Nous devrions être en capacité de réagir rapidement en cas de crise majeure, à condition de pouvoir bénéficier de l'appui de services de l'extérieur. La Réunion joue un rôle majeur à cet égard puisqu'elle dispose de moyens humains considérables, et notamment du 2e régiment de parachutistes. Elle accueille par ailleurs la plate-forme d'intervention régionale de l'océan Indien (PIROI). Le matériel de la PIROI pourrait être facilement projeté à Mayotte en cas de crise, comme cela a déjà été fait par le passé pour des territoires voisins comme Madagascar. Pour autant, les urgences telles que les premiers secours et le dégagement des axes routiers devront être gérées très rapidement, ce qui implique que les forces de l'ordre et les services administratifs de Mayotte soient particulièrement réactifs et efficaces. Si les dégâts étaient très importants, nous serions rapidement confrontés à des difficultés d'intervention. Des renforts en provenance de La Réunion et de métropole devraient alors être déployés dans l'urgence. Or, cela nécessite d'abord que nous soyons en mesure d'assurer la sécurisation des sites prioritaires tels que l'aéroport et le port pour permettre le débarquement des moyens humains et matériels. Ces opérations sont d'autant plus difficiles à mener que la plupart des bâtiments ne sont pas construits aux normes sismiques, y compris les locaux des sapeurs-pompiers.
Nous devons par ailleurs mener des actions de prévention afin de limiter en amont les dégâts potentiels en cas de risque naturel majeur. La sécurisation de l'habitat est évidemment l'enjeu majeur de la politique de prévention, mais la situation est si grave que ce problème ne pourra pas être résolu à court terme. Dans cette optique, des efforts importants sont fournis pour accélérer l'élaboration des plans de prévention des risques naturels (PPRN). Cette démarche, entreprise en 2009, devrait aboutir en 2019 ou 2020. Nous espérons d'ores et déjà produire 3 PPRN en 2018 en travaillant en liaison étroite avec les collectivités. J'ajouterai que le risque de submersion n'est pas traité dans les PPRN. Il conviendra donc de mener un travail complémentaire sur ce sujet, d'autant plus que des bidonvilles se sont construits en zone littorale.
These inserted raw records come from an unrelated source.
Lemma join2_l a b : le a (join2 a b).
Proof. apply sup_ub; now left. Qed.

Lemma join2_r a b : le b (join2 a b).
Proof. apply sup_ub; now right. Qed.

Lemma join2_lub a b c : le a c -> le b c -> le (join2 a b) c.
Proof. intros Ha Hb; apply sup_least; intros x [-> | ->]; assumption. Qed.

Lemma join2_lub_iff a b c : le (join2 a b) c <-> le a c /\ le b c.
Proof.
  split.
  - intros H; split; (eapply le_trans; [| exact H]); [apply join2_l | apply join2_r].
  - intros [Ha Hb]; now apply join2_lub.
Qed.

End CompleteLattice.

Arguments bot {L}.
Arguments top {L}.

Ltac lattice0 :=
  first [ assumption | apply le_refl | apply bot_least | apply top_greatest
        | apply join2_lub; lattice0
        | eapply le_trans; [| apply join2_l]; lattice0
        | eapply le_trans; [| apply join2_r]; lattice0 ].
Ltac lattice := first [ lattice0 | eapply le_trans; [eassumption | lattice0] ].

Lemma join2_bot {L : CLat} (a : L) : join2 a bot = a.
Proof. apply le_antisym; lattice. Qed.

Lemma join2_absorb_l {L : CLat} (a b : L) : le b a -> join2 a b = a.
Proof. intros; apply le_antisym; lattice. Qed.

Lemma join2_absorb_r {L : CLat} (a b : L) : le a b -> join2 a b = b.
Proof. intros; apply le_antisym; lattice. Qed.

Section Homomorphism.
Context {A B : AlgLat} (f : hom A B).

Lemma hom_join2 a b : f (join2 a b) = join2 (f a) (f b).
Proof.
  unfold join2; rewrite hom_sup; apply sup_ext; intros z; split.
  - intros [x [[-> | ->] ->]]; auto.
  - intros [-> | ->]; [exists a | exists b]; auto.
Qed.

Lemma hom_mono a b : le a b -> le (f a) (f b).
Proof. intros H; rewrite <- (join2_absorb_r _ _ H), hom_join2; apply join2_l. Qed.

Lemma hom_bot : f bot = bot.
Proof.
  unfold bot; rewrite hom_sup; apply sup_ext; intros z; split; [intros [x [[] _]] | intros []].
Qed.

Lemma hom_lsup (F : list A) : f (lsup F) = lsup (map f F).
Proof.
  rewrite hom_sup; apply sup_ext; intros z; split.
  - intros [x [H ->]]; now apply in_map.
  - intros H; apply in_map_iff in H as [x [<- H]]; exists x; auto.
Qed.

End Homomorphism.

Lemma compact_bot {L : CLat} : compact (@bot L).
Proof. intros S _; exists nil; split; [intros _ [] | apply bot_least]. Qed.

Lemma compact_lsup {L : CLat} (F : list L) :
  (forall c, In c F -> compact c) -> compact (lsup F).
Proof.
  induction F as [|a F IH]; intros HF S Hle; [apply compact_bot; exact Hle|].
  destruct (HF a (or_introl eq_refl) S) as [G1 [HG1 Ha]].
  { eapply le_trans; [| exact Hle]; apply sup_ub; now left. }
  destruct (IH (fun c Hc => HF c (or_intror Hc)) S) as [G2 [HG2 HF']].
  { eapply le_trans; [| exact Hle]; apply sup_mono; intros; now right. }
  exists (G1 ++ G2); split.
  - intros y Hy; apply in_app_or in Hy as [Hy | Hy]; auto.
  - apply sup_least; intros y [<- | Hy].
    + eapply le_trans; [exact Ha |]; apply sup_mono; intros; apply in_or_app; now left.
    + eapply le_trans; [apply (sup_ub (fun z => In z F)); exact Hy |].
      eapply le_trans; [exact HF' |].
      apply sup_mono; intros; apply in_or_app; now right.
Qed.

Lemma list_preimage {X Y : Type} (f : X -> Y) (S : X -> Prop) (F : list Y) :
  (forall y, In y F -> img f S y) -> exists G, (forall x, In x G -> S x) /\ F = map f G.
Proof.
  induction F as [|y F IH]; intros H; [exists nil; split; [intros _ [] | reflexivity]|].
  destruct (H y (or_introl eq_refl)) as [x [Hx ->]].
  destruct IH as [G [HG ->]]; [intros; apply H; now right|].
  exists (x :: G); split; [intros z [<- | Hz]; auto | reflexivity].
Qed.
Je conclurai en apportant un complément d'information sur les tempêtes tropicales, dont l'intensité est moins importante que celle des cyclones mais qui frappent régulièrement Mayotte. Nous disposons, dans l'océan Indien, d'une classification de ces phénomènes différente de celle qui est mise en oeuvre aux Antilles. Je considère que ce système, qui différencie la vigilance cyclonique et la vigilance classique, est trop complexe et difficilement compréhensible pour la population. Il me paraît donc essentiel qu'une réflexion soit menée pour améliorer la lisibilité du dispositif d'alerte.